Я был в Союзе писателей на творческом вечере Крандиевской. Читала она с большим успехом свои «блокадные» стихи. Какие-то ее знакомые крикнули:
– Прочтите «Духов день»!
Это было тоже одно из ненапечатанных ее стихотворений» в котором она возвращалась воображением к поре своей молодости. Она прочла его, а перед чтением как бы жирным шрифтом выделила слова:
– Ивану Алексеевичу Бунину посвящаю.
После революции никто у нас ни стихов, ни прозы Бунину не посвящал. И заглавие стихотворения и посвящение прозвучали неожиданно.
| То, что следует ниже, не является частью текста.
Lemma transfer_mul h h' : H h -> H h' -> transfer (h ** h') = transfer h ** transfer h'.
Proof.
  intros Hh Hh'. unfold transfer.
  rewrite (map_ext_in _ (fun t => transfer_factor h' (coset_rep (t ** h)) **
                                  transfer_factor h t))
    by (intros t Ht; apply transfer_factor_mul; assumption).
  rewrite (lprod_map_mul Z Z_subgroup Z_abelian); cycle 1.
  - intros t Ht. apply transfer_factor_in; [|apply coset_rep_spec]; auto.
  - intros t Ht. apply transfer_factor_in; assumption.
  - rewrite <- (map_map (fun t => coset_rep (t ** h))).
    rewrite (lprod_perm Z Z_abelian _ _
               (Permutation_map _ (coset_rep_perm h Hh))).
    + apply Z_abelian; apply transfer_in; assumption.
    + apply Forall_forall. intros c Hc.
      apply in_map_iff in Hc as [u [<- Hu]]. apply in_map_iff in Hu as [t [<- Ht]].
      apply transfer_factor_in; [|apply coset_rep_spec]; auto.
Qed.

Lemma transfer_of_in z : Z z -> transfer z = z ^+ length T.
Proof.
  intros Hz. unfold transfer. rewrite <- (lprod_map_const z T). f_equal.
  apply map_ext_in. intros t Ht. unfold transfer_factor.
  rewrite (coset_rep_eq (t ** z) t); auto.
  - apply mulKg.
  - rewrite mulKg. exact Hz.
Qed.

End Transversal.

Lemma exists_transfer s : coset_cover Z H s ->
  exists (V : G -> G) (q : nat), 0 < q /\ (forall h, H h -> Z (V h)) /\
    (forall h h', H h -> H h' -> V (h ** h') = V h ** V h') /\
    (forall z, Z z -> V z = z ^+ q).
Proof.
  intros [s_H s_cover].
  destruct (exists_transversal s) as (T & T_s & T_nodup & T_cover & T_distinct).
  assert (T_cover_H : forall h, H h -> exists t, In t T /\ same_coset t h).
  { intros h Hh. destruct (s_cover h Hh) as [a [r [Ha [Hr ->]]]].
    destruct (T_cover a Ha) as [t [Ht E]]. exists t. split; [exact Ht|].
    apply same_coset_trans with a; [exact E | rewrite mulKg; exact Hr]. }
  assert (T_H : forall t, In t T -> H t) by auto.
  exists (transfer T), (length T). repeat split.
  - destruct (T_cover_H one H_one) as [t [Ht _]].
    destruct T; [destruct Ht | simpl; lia].
  - intros h Hh. apply transfer_in; auto.
  - intros h h' Hh Hh'. apply transfer_mul; auto.
  - intros z Hz. apply transfer_of_in; auto.
Qed.
Lemma resid_prod_lin_gt0 k (d : R) : (0 < k)%N -> 1 <= c -> 0 < d -> d <= c ->
  0 < (-1) ^+ k.-1 * resid c k (\prod_(t < k) lin 1 (-1) * \prod_(t < k) lin d (-1)).
Proof.
move=> k0 c1 d0 dc; rewrite /resid -[X in hsub _ _ X]mulr1 -mulrA.
have sz1 : (size (1%R : P) <= 1)%N by rewrite size_poly1.
rewrite (_ : (k + k = k + (k + 0))%N); last by rewrite addn0.
have := hsub_prod_linM c k (fun _ => 1) (fun _ => -1)
  (size_prod_linM k (fun _ => d) (fun _ => -1) sz1) => /= ->.
have := hsub_prod_linM c k (fun _ => d) (fun _ => -1) sz1 => /= ->.
rewrite hsub1 expr0 mulr1.
have [alt1 coef01] : alternating (\prod_(t < k) hlin c 1 (-1)) /\
    (\prod_(t < k) hlin c 1 (-1))`_0 = \prod_(t < k) (1 : R).
  by apply: (@alternating_prod_hlin k (fun _ => 1) (fun _ => -1)) => t; lra.
have [alt2 coef02] : alternating (\prod_(t < k) hlin c d (-1)) /\
    (\prod_(t < k) hlin c d (-1))`_0 = \prod_(t < k) d.
  by apply: (@alternating_prod_hlin k (fun _ => d) (fun _ => -1)) => t; lra.
apply: weighted_altsum_gt0 => //; first exact: alternatingM.
by rewrite coef0M coef01 coef02 !prodr_const !card_ord expr1n mul1r exprn_gt0.
Qed.

End Positivity.

Section Reversal.
Variable R : comNzRingType.
Local Notation P := {poly R}.

Definition rev_at D (p r : P) :=
  [/\ (size p <= D.+1)%N, (size r <= D.+1)%N & forall s, (s <= D)%N -> p`_(D - s) = r`_s].

Lemma rev_at1 : rev_at 0 1 1.
Proof. by split; rewrite ?size_poly1 // => s; rewrite leqn0 => /eqP ->. Qed.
Спустя много лет я имел случай лишний раз подивиться зоркости Бунина. Вот что пишет он о Наталье Васильевне Крандиевской в «Третьем Толстом»:
Наташу Толстую я узнал еще в декабре 1903 года в Москве. Она пришла ко мне однажды в морозные сумерки, вся в инее, – иней опушил всю ее беличью шапочку, беличий воротник шубки, ресницы, уголки губ, – и я просто поражен был ее юной прелестью, ее девичьей красотой и восхищен талантливостью ее стихов, которые она принесла мне на просмотр, которые она продолжала писать и впоследствии, будучи замужем за своим первым мужем, а потом за Толстым, но все-таки почему-то совсем бросила еще в Париже. Она тоже не любила скудной жизни, говорила:
– Что ж, в эмиграции, конечно, не дадут умереть с голоду, а вот ходить оборванной и в разбитых башмаках дадут…
Думаю, что она немало способствовала Толстому в его конечном решении возвратиться в Россию.
А не возвратись она, может, и не произошло бы у нее разрыва с Толстым. А не возвратись она, Алексей Толстой не докатился бы до «Хлеба» и до «Заговора императрицы».
Вообще встречала эмигрантов мнимая родина неласково.
Генерала Слащева убили.
Глеба Алексеева посадили.
Устрялова посадили.
Святополк-Мирского посадили.
Анатолия Каменского посадили.
Горького и его сына тихо отправили на тот свет.
Вдова Куприна, которая привезла сюда мужа умирать, привезла ради того, чтобы получать после его смерти пенсию, пережила все ужасы ленинградской блокады, но не выдержала издевательств и побоев своего соквартиранта, хулигана монтера, – и повесилась.
Цветаеву здесь ждала Елабуга.
О «репатриантах», вернувшихся после второй мировой войны, я уж и не говорю; почти все они, за редким исключением, угодили в концлагеря.